Sand Creek rope swing gone missing

D.F. Oliveria Staff writer

Don’t you dare tell Berry Picker Arpie that you weren’t impressed by that rope swing that propelled Bonner County youngsters for generations into Sand Creek. He knows it wasn’t a great rope swing. But it was a darn good one. Huckleberries is speaking of the rope swing in the past tense because it disappeared recently, a move that signals the advent of the Sandpoint Bypass. “It was also the most well used and loved I have ever seen,” Arpie reminisced at Huckleberries Online this week. He went on to say the rope swing “was a deciding factor in our family’s move to Sandpoint.” Arpie first spotted the rope almost a dozen years ago as he considered relocating.
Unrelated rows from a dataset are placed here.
Fixpoint fallfact (x : R) (j : nat) : R :=
  match j with
  | O => 1
  | S j' => fallfact x j' * (x - INR j')
  end.

Definition gbinom (x : R) (j : nat) : R := fallfact x j / INR (fact j).

Definition kraw (n k : nat) (x : R) : R :=
  sum_f_R0 (fun j => (-1) ^ j * gbinom x j * gbinom (INR n - x) (k - j)) k.

Definition log2 (x : R) : R := ln x / ln 2.

Definition plog2p (p : R) : R := if Req_EM_T p 0 then 0 else p * log2 p.

Definition Hbin (p : R) : R := - plog2p p - plog2p (1 - p).

(* (1): Pascal's rule for the generalized binomial coefficients gives the difference
   equation K_k^(n)(x) - K_k^(n)(x+1) = 2 K_(k-1)^(n-1)(x).  Its right-hand side is
   continuous and equals 2 C(n-1,k-1) > 0 at x = 0, so it is nonnegative up to its
   first root.
   (2): comparing the coefficients of Z^k W^k in
     sum_x C(n,x) ((1-Z)(1-W))^x ((1+Z)(1+W))^(n-x) = (2 + 2 Z W)^n
   gives sum_x C(n,x) K_k(x)^2 = 2^n C(n,k); the terms at x = 0 and x = n are positive,
   so C(n,x) K_k(x)^2 < 2^n C(n,k).  Both binomial coefficients are then estimated with
   the binomial distribution of parameter p = j/n: its mass at j is C(n,j) 2^(-n H(p)),
   which is at most 1 and, j being the mode, at least 1/(n+1). *)

From Stdlib Require Import Reals Lra Lia Factorial.
From mathcomp Require all_boot all_order all_algebra Rstruct.
From mathcomp.algebra_tactics Require ring.
Open Scope R_scope.

Module Krawtchouk.
Import all_boot all_order all_algebra ring Rstruct.
Import GRing.Theory Num.Theory.
Local Open Scope ring_scope.

Lemma coef_exp1DZX (R : comNzRingType) (c : R) m i :
  ((1 + c *: 'X) ^+ m : {poly R})`_i = c ^+ i *+ 'C(m, i).
Proof.
elim: m i => [|m IH] [|i]; first by rewrite expr0 coef1.
- by rewrite expr0 coef1 bin0n.
- by rewrite exprSr mulrDr mulr1 coefD -scalerAr coefZ coefMX IH !bin0 mulr0 addr0.
rewrite exprSr mulrDr mulr1 coefD -scalerAr coefZ coefMX !IH binS mulrnDr exprS.
by rewrite mulrnAr addrC.
Qed.

Section Ring.
Variable R : comNzRingType.

Definition krawn (n k x : nat) : R :=
  \sum_(j < k.+1) (-1) ^+ j * 'C(x, j)%:R * 'C(n - x, k - j)%:R.

Lemma coef_krawn_genfun n k x :
  ((1 - 'X) ^+ x * (1 + 'X) ^+ (n - x) : {poly R})`_k = krawn n k x.
Proof.
rewrite coefM; apply: eq_bigr => j _.
have := coef_exp1DZX R (-1) x j; rewrite scaleN1r => ->.
have := coef_exp1DZX R 1 (n - x) (k - j); rewrite scale1r => ->.
by rewrite expr1n !mulr_natr.
Qed.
I’ll let him tell you the rest: “A herd of tough local 10- to 15-year-olds was hanging out around the uphill side of the rope swing close by the railroad tracks on a hot June day, as they have been doing for generations. Being a rope swing connoisseur, I was itching to try this one, but was stymied by how to get a turn with the locals who seemed to rule the place. As I walked up still trying to figure out an angle or at least find the end of the line, a 13-year-old towhead just handed me the rope. Offered like a gift of innocence.” A moment of silence, please.

You don’t exist

At From A Simple Mind, blogmistress Cis tells of her daughter’s friend who lives in her small Bonner County town of Kootenai. Who called Pizza Hut in nearby Ponderay to order a home-delivery pie. Only to find herself talking to someone from – (wait for it) overseas. Can you say outsourcing, baybee? The young woman had to spell the name of the street five times – Brittany Street. The man on the other end of the line had never heard of it. Of course. After 15 minutes, the Pizza Hut responder got the address right. Only to say the Ponderay business doesn’t deliver to that address. He repeated himself when the cuss-tomer sputtered – “what?!” Seems he’d Googled the address and couldn’t locate it. She told him she lived a mile and half away and Pizza Hut had delivered to her before. It didn’t matter. She was Google-less in Kootenai. So she hung up. Where’s Seinfeld when you need him?

Huckleberries

You can have your robins, crocuses and other traditional harbingers of spring. Marianne Love/Slight Detour knows spring is on the way when “American Idol” launches its new TV season, as it did Tuesday night … Of course, Thom George and all Major League Baseball fans know that spring arrives when pitchers and catchers report for spring training. Which will be on Valentine’s Day in several spring training venues this year … Ryan Brodwater/Otis G Experience finally understands why a woman obsesses with shoes. You have to put it in perspective. Males, for example, have the same type of obsession with – (drum roll, please) T-shirts. Which he now dubs: “High heels for boys” … Editorialist Kevin Richert/Idaho Statesman doesn’t think much more than you do of Interior Secretary Dirk Kempthorne’s bonehead decision to spend $236,000 to refurbish his office bathroom. Quote: “In this sense, Kempthorne has managed to turn himself into a poor man’s Larry Craig, who spent 27 years in Congress, toiling in national obscurity, before an airport bathroom arrest turned Craig into a national laughing stock” … In a Jan. 7 editorial, “A Dear John,” Ketchum’s Idaho Mountain Express quoted a miffed Interior Department worker: “If Gale Norton (Kempthorne’s predecessor) needed to shower, at least she was conservative enough to go to the gym in the basement of the building.” At least, Craig misstepped in a public restroom.

In parting

At Huckleberries Online Tuesday, several commenters offered fond remembrances of community booster Mary Lou Piazza, who died the night before following her third bout with cancer. D.J. Nall/Hauser Thoughts provided this glimpse: “I met Mary Lou when she was working at U.S. Bank and loaned us a big sum of money. She’s the only loan officer of all the ones I’ve dealt with that I still remember. While a total professional, she was personable and had so much class.” It’s one thing to put on a nice public face in a social setting. But another to offer the same sunny disposition in a business setting. Sums up D.J. for many who knew Mary Lou: “What a loss.”